Их качнуло друг к другу. Они схватились за руки, крепко их сжали, но даже не обнялись при этом. Просто уронили друг другу головы на плечи и – замерли. Будто лошади, о чем впоследствии часто вспоминал Михаил Дмитриевич. Он, кажется, прошептал тогда:
– Я люблю вас…
А она промолчала. А вскоре и сама неестественная поза их стала ощущаться неудобной и какой-то искусственно напряжённой, что ли. Но никто не решался выйти из неё, нарушить эту неуклюжую телесную близость, и первой отодвинулась Екатерина.

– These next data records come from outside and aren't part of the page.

(* Let $\mathcal{A}$ be a unital semiprime algebra over a field $F$ with $\operatorname{char}(F)\neq 2$. Then $\operatorname{GJDer}(\mathcal{A})=\operatorname{Cent}(\mathcal{A})+\operatorname{Der}(\mathcal{A})$.
   Context: $\mathcal{A}$ is semiprime if $a\mathcal{A}a=\{0\}$ implies $a=0$. For $x,y\in\mathcal{A}$ let $x\circ y=xy+yx$. $\operatorname{GJDer}(\mathcal{A})$ is the set of linear maps $f:\mathcal{A}\to\mathcal{A}$ for which there exist linear maps $g,h:\mathcal{A}\to\mathcal{A}$ with $f(x)\circ y+x\circ g(y)=h(x\circ y)$ for all $x,y\in\mathcal{A}$. $\operatorname{Cent}(\mathcal{A})$ is the set of linear maps $f$ with $f(xy)=f(x)y=xf(y)$ for all $x,y$ (centralizers). $\operatorname{Der}(\mathcal{A})$ is the set of derivations, i.e. linear $d$ with $d(xy)=d(x)y+xd(y)$. The sum of two sets of maps is the set of pointwise sums. *)

From HB Require Import structures.
From mathcomp Require Import all_boot all_order all_algebra.
Set Implicit Arguments. Unset Strict Implicit. Unset Printing Implicit Defensive.
Import GRing.Theory.
Local Open Scope ring_scope.

Section Defs.
Variables (F : fieldType) (A : algType F).

Definition jprod (x y : A) : A := x * y + y * x.

Definition semiprime : Prop := forall a : A, (forall x : A, a * x * a = 0) -> a = 0.

Definition GJDer (f : A -> A) : Prop :=
  linear f /\
  exists g h : A -> A, linear g /\ linear h /\
    forall x y : A, jprod (f x) y + jprod x (g y) = h (jprod x y).

Definition Cent (f : A -> A) : Prop :=
  linear f /\ forall x y : A, f (x * y) = f x * y /\ f (x * y) = x * f y.

Definition Der (d : A -> A) : Prop :=
  linear d /\ forall x y : A, d (x * y) = d x * y + x * d y.

End Defs.

From HB Require Import structures.
From mathcomp Require Import all_boot all_order all_algebra.
From Stdlib Require Import Ncring Ncring_tac FunctionalExtensionality.
Import GRing.Theory.
Local Open Scope ring_scope.

(* Put a := f 1 and c := g 1 - f 1.  Evaluating the defining identity at x = 1
   and at y = 1 expresses g and h through f, a and c, and its symmetry in x, y then
   makes c commute with every commutator, hence central in the semiprime algebra.
   What is left says 2 (f x o y + x o f y - f (x o y)) = (x o y) o a.  A suitable
   combination of instances of this identity eliminates f and yields
   [d^3 x, y] + 2 [d^2 x, d y] = 0 for the inner derivation d = [a, _], which at
   y = a gives d^4 = 0; by semiprimeness this forces successively d^3 = 0,
   d^2 = 0 and d = 0, so a is central.
   Then f - a _ is a Jordan derivation, and Herstein's argument, which extends to
   2-torsion-free semiprime algebras, shows that it is a derivation. *)

Section GeneralizedJordanDerivations.
Context {F : fieldType} {A : algType F}.

#[local] Instance alg_ring_ops : @Ring_ops A 0 1 (@GRing.add A) (@GRing.mul A)
  (fun x y => x - y) (@GRing.opp A) (@eq A) := {}.

#[local] Program Instance alg_ring : @Ring A 0 1 (@GRing.add A) (@GRing.mul A)
  (fun x y => x - y) (@GRing.opp A) (@eq A) alg_ring_ops.
Next Obligation. exact: add0r. Qed.
Next Obligation. exact: addrC. Qed.
Next Obligation. exact: addrA. Qed.
Next Obligation. exact: mul1r. Qed.
Next Obligation. exact: mulr1. Qed.
Next Obligation. exact: mulrA. Qed.
Next Obligation. exact: mulrDl. Qed.
Next Obligation. exact: mulrDr. Qed.
Next Obligation. by []. Qed.
Next Obligation. exact: subrr. Qed.

Ltac ncr := non_commutative_ring.

Definition ad (a x : A) : A := a * x - x * a.

Definition central (c : A) : Prop := forall t : A, c * t = t * c.

Lemma jprod1r (x : A) : jprod 1 x = x *+ 2.
Proof. by rewrite /jprod mul1r mulr1 mulr2n. Qed.

Lemma jprodr1 (x : A) : jprod x 1 = x *+ 2.
Proof. by rewrite /jprod mul1r mulr1 mulr2n. Qed.

Lemma ad_eq0 (a x : A) : (ad a x = 0) <-> a * x = x * a.
Proof. by rewrite /ad; split=> [/eqP|->]; [rewrite subr_eq0 => /eqP|rewrite subrr]. Qed.

Section Linear.
Context {f : A -> A} (f_lin : linear f).

Lemma linD : {morph f : u v / u + v}.
Proof. by move=> u v; have := f_lin 1 u v; rewrite !scale1r. Qed.

Lemma lin0 : f 0 = 0.
Proof. by apply: (addrI (f 0)); rewrite -linD !addr0. Qed.

Lemma linN : {morph f : u / - u}.
Proof. by move=> u; apply: (addrI (f u)); rewrite -linD !subrr lin0. Qed.

Lemma linB : {morph f : u v / u - v}.
Proof. by move=> u v; rewrite linD linN. Qed.

Lemma linZ (c : F) : {morph f : u / c *: u}.
Proof. by move=> u; have := f_lin c u 0; rewrite !addr0 lin0 addr0. Qed.

End Linear.

Section Semiprime.
Hypothesis char2 : 2 \notin [pchar F].
Hypothesis A_semiprime : semiprime A.

Lemma double_eq0 (u : A) : u *+ 2 = 0 -> u = 0.
Proof.
have two_neq0 : (2%:R : F) != 0.
  by apply: contra char2 => two0; rewrite inE two0.
move=> u2; apply/eqP; have := scaler_eq0 (2%:R : F) u.
by rewrite scaler_nat u2 eqxx (negbTE two_neq0) /= => <-.
Qed.

Lemma double_inj (u v : A) : u *+ 2 = v *+ 2 -> u = v.
Proof. by move=> e; apply/subr0_eq/double_eq0; rewrite mulrnBl e subrr. Qed.

Lemma semiprime_sandwich (p q : A) :
  (forall r, p * r * q + q * r * p = 0) -> forall r, p * r * q = 0.
Proof.
move=> pq0 r; apply: A_semiprime => y.
have pq z : p * z * q = - (q * z * p) by apply/eqP; rewrite -subr_eq0 opprK pq0.
have qp z : q * z * p = - (p * z * q) by rewrite pq opprK.
have prq := pq r.
set P := p * r * q * y * (p * r * q).
have P_sym : P = q * r * p * y * (q * r * p) by rewrite /P prq; ncr.
have P_anti : P = - (q * r * p * y * (q * r * p)).
  transitivity (p * (r * q * y * p * r) * q); first by rewrite /P; ncr.
  rewrite pq; transitivity (- (q * (r * q * y) * p * r * p)); first by ncr.
  rewrite qp; transitivity (p * r * q * (y * q * r * p)); first by ncr.
  by rewrite prq; ncr.
by apply: double_eq0; rewrite mulr2n {1}P_sym P_anti addrN.
Qed.

Lemma semiprime_cross {G H : A -> A} :
  {morph G : x y / x + y} -> {morph H : x y / x + y} ->
  (forall x r, G x * r * H x = 0) -> (forall x r, H x * r * G x = 0) ->
  forall x u r, G x * r * H u = 0.
Proof.
move=> GD HD GH HG x u r; apply: A_semiprime => s.
have cross0 : G x * r * H u + G u * r * H x = 0.
  have := GH (x + u) r; rewrite GD HD !(mulrDl, mulrDr) !GH add0r addr0.
  by rewrite addrC.
have -> : G x * r * H u * s * (G x * r * H u) =
  G x * r * H u * s * (G x * r * H u + G u * r * H x)
  - G x * r * (H u * s * G u) * r * H x by ncr.
by rewrite cross0 HG; ncr.
Qed.

Lemma central_nilpotent_eq0 (c : A) n : central c -> c ^+ n.+1 = 0 -> c = 0.
Proof.
move=> cc; elim: n => [|n IHn cn0]; first by rewrite expr1.
apply: IHn; apply: A_semiprime => r.
rewrite -mulrA (commrX n.+1 (commr_sym (cc r))) mulrA -exprD.
by rewrite addSn -addnS exprD cn0 mulr0 mul0r.
Qed.

Lemma central_of_commute_commutators (c : A) :
  (forall x y, c * ad x y = ad x y * c) -> central c.
Proof.
move=> cxy.
have key x z : ad x c * ad c z = 0.
  have -> : ad x c * ad c z =
    (c * ad x (c * z) - ad x (c * z) * c) - (c * ad x c - ad x c * c) * z
    - c * (c * ad x z - ad x z * c) by rewrite /ad; ncr.
  by rewrite !cxy !subrr mul0r mulr0 !subr0.
move=> t; apply/ad_eq0; apply: A_semiprime => r.
have -> : ad c t * r * ad c t = - (ad t c * ad c (r * t)) + ad t c * ad c r * t
  by rewrite /ad; ncr.
by rewrite !key mul0r oppr0 addr0.
Qed.

Lemma central_of_commute_ad (a s : A) :
  (forall u, ad a s * ad a u = ad a u * ad a s) -> ad a s * s = s * ad a s ->
  central (ad a s).
Proof.
set w := ad a s => w_ad w_s.
have w_ad0 u : w * ad a u - ad a u * w = 0 by rewrite w_ad subrr.
have key z t : w * z * ad w t = 0.
  have -> : w * z * ad w t =
     (w * ad a (s * z * t) - ad a (s * z * t) * w)
     - s * (w * ad a (z * t) - ad a (z * t) * w)
     - (w * ad a (s * z) - ad a (s * z) * w) * t
     + s * (w * ad a z - ad a z * w) * t
     - (w * s - s * w) * z * ad a t by rewrite /w /ad; ncr.
  by rewrite !w_ad0 w_s subrr; ncr.
move=> t; apply/ad_eq0; apply: A_semiprime => r.
have -> : ad w t * r * ad w t = w * (t * r) * ad w t - t * (w * r * ad w t)
  by rewrite /ad; ncr.
by rewrite !key mulr0 subrr.
Qed.

Lemma ad_eq0_of_central (a s : A) :
  central (ad a s) -> central (ad a s * a) -> ad a s = 0.
Proof.
set c := ad a s => cc ca.
have c_ad r : c * ad a r = 0.
  have -> : c * ad a r = c * a * r - r * c * a by rewrite /ad mulrBr !mulrA (cc r).
  by rewrite -[r * c * a]mulrA ca subrr.
by apply: (@central_nilpotent_eq0 c 1 cc); rewrite expr2 {2}/c c_ad.
Qed.

Lemma iter_ad_mulr (a x : A) n : iter n (ad a) (x * a) = iter n (ad a) x * a.
Proof. by elim: n => //= n ->; rewrite /ad; ncr. Qed.

Lemma iter_ad_eq0 (a : A) k :
  (forall x y, ad (iter k.+2 (ad a) x) (ad a y) = 0) ->
  forall x, iter k.+2 (ad a) x = 0.
Proof.
move=> comm_ad.
have cent x : central (iter k.+2 (ad a) x).
  apply: central_of_commute_ad => [u|]; apply/ad_eq0; first exact: comm_ad.
  exact: (comm_ad x (iter k (ad a) x)).
move=> x; apply: (@ad_eq0_of_central a (iter k.+1 (ad a) x) (cent x)).
by have := cent (x * a); rewrite iter_ad_mulr.
Qed.

Lemma central_of_ad_identity (a : A) :
  (forall x y, ad (iter 3 (ad a) x) y + ad (iter 2 (ad a) x) (ad a y) *+ 2 = 0) ->
  central a.
Proof.
move=> /= ad_id.
have ad4 x : ad a (ad a (ad a (ad a x))) = 0.
  have := ad_id x a; rewrite [ad a a]subrr [ad _ 0]/ad mulr0 mul0r subrr.
  by rewrite mul0rn addr0 /ad -opprB => /eqP; rewrite oppr_eq0 => /eqP.
have ad3 x : ad a (ad a (ad a x)) = 0.
  apply: (@iter_ad_eq0 a 1) => {}x y /=; apply: double_eq0.
  by have := ad_id (ad a x) y; rewrite ad4 /ad mulr0 mul0r subrr add0r.
have ad2 x : ad a (ad a x) = 0.
  apply: (@iter_ad_eq0 a 0) => {}x y /=; apply: double_eq0.
  by have := ad_id x y; rewrite ad3 /ad mulr0 mul0r subrr add0r.
have ad_mul x y : ad a x * ad a y = 0.
  apply: double_eq0.
  have -> : (ad a x * ad a y) *+ 2 = ad a (ad a (x * y)) - ad a (ad a x) * y - x * ad a (ad a y)
    by rewrite /ad mulr2n; ncr.
  by rewrite !ad2 mul0r mulr0 !subr0.
move=> t; apply/ad_eq0; apply: A_semiprime => r.
have -> : ad a t * r * ad a t = ad a t * ad a (r * t) - ad a t * ad a r * t
  by rewrite /ad; ncr.
by rewrite !ad_mul mul0r subrr.
Qed.

Definition der_defect (D : A -> A) (x y : A) : A := D (x * y) - D x * y - x * D y.

Section JordanDerivation.
Variable D : A -> A.
Hypothesis D_lin : linear D.
Hypothesis D_jordan : forall x y, D (jprod x y) = jprod (D x) y + jprod x (D y).

Local Notation dd := (der_defect D).

Lemma jder_triple x y z : D (x * y * z + z * y * x) =
  D x * y * z + x * D y * z + x * y * D z + D z * y * x + z * D y * x + z * y * D x.
Proof.
apply: double_inj; rewrite !mulr2n -(linD D_lin).
have -> : x * y * z + z * y * x + (x * y * z + z * y * x) =
  jprod x (jprod y z) + jprod (jprod x y) z - jprod y (jprod x z) by rewrite /jprod; ncr.
by rewrite (linB D_lin) (linD D_lin) !D_jordan /jprod; ncr.
Qed.

Lemma jder_xyx x y : D (x * y * x) = D x * y * x + x * D y * x + x * y * D x.
Proof. by apply: double_inj; rewrite !mulr2n -(linD D_lin) jder_triple; ncr. Qed.

Lemma der_defectC x y : dd y x = - dd x y.
Proof.
apply/eqP; rewrite -addr_eq0; apply/eqP.
have := D_jordan x y; rewrite /jprod (linD D_lin) => Dxy.
transitivity (D (x * y) + D (y * x) - (D x * y + y * D x + (x * D y + D y * x))).
  by rewrite /der_defect; ncr.
by rewrite Dxy subrr.
Qed.

Lemma der_defectDl x u y : dd (x + u) y = dd x y + dd u y.
Proof. by rewrite /der_defect mulrDl !(linD D_lin); ncr. Qed.

Lemma der_defectDr x y v : dd x (y + v) = dd x y + dd x v.
Proof. by rewrite /der_defect mulrDr !(linD D_lin); ncr. Qed.

Lemma der_defect_ad_sum x y r : dd x y * r * ad x y + ad x y * r * dd x y = 0.
Proof.
have := jder_triple (x * y) r (y * x).
have -> : x * y * r * (y * x) + y * x * r * (x * y) =
  x * (y * r * y) * x + y * (x * r * x) * y by ncr.
rewrite (linD D_lin) !jder_xyx.
have -> : D (x * y) = dd x y + D x * y + x * D y by rewrite /der_defect; ncr.
have -> : D (y * x) = - dd x y + D y * x + y * D x by rewrite -der_defectC /der_defect; ncr.
by move/eqP; rewrite -subr_eq0 => /eqP <-; rewrite /ad; ncr.
Qed.

Lemma der_defect_ad x y r : dd x y * r * ad x y = 0.
Proof. by apply: semiprime_sandwich => s; apply: der_defect_ad_sum. Qed.

Lemma ad_der_defect x y r : ad x y * r * dd x y = 0.
Proof. by apply: semiprime_sandwich => s; rewrite addrC; apply: der_defect_ad_sum. Qed.

Lemma der_defect_ad_all x y u v r : dd x y * r * ad u v = 0.
Proof.
have adDl z : {morph ad^~ z : p q / p + q} by move=> ? ?; rewrite /ad; ncr.
have adDr z : {morph ad z : p q / p + q} by move=> ? ?; rewrite /ad; ncr.
have ddDl z : {morph dd^~ z : p q / p + q} by move=> ? ?; apply: der_defectDl.
have ddDr z : {morph dd z : p q / p + q} by move=> ? ?; apply: der_defectDr.
have dd_ad_l p q z r' : dd p z * r' * ad q z = 0.
  exact: (semiprime_cross (ddDl z) (adDl z) (der_defect_ad^~ z) (ad_der_defect^~ z)).
have ad_dd_l p q z r' : ad q z * r' * dd p z = 0.
  exact: (semiprime_cross (adDl z) (ddDl z) (ad_der_defect^~ z) (der_defect_ad^~ z)).
exact: (semiprime_cross (ddDr x) (adDr u) (dd_ad_l x u) (ad_dd_l x u)).
Qed.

– Я оставляю свою руку в вашей, дорогой мой Михаил Дмитриевич. Но – с непременным условием: дайте мне право над вами. Полное, бесконечное право, и я создам ваше счастье.
Возникла пауза, показавшаяся им бесконечно, немыслимо длинной. Наконец Скобелев медленно разжал ладони, отпустил её руки, чуть отодвинулся, и странная, почти не живая улыбка медленно вползла на его лицо.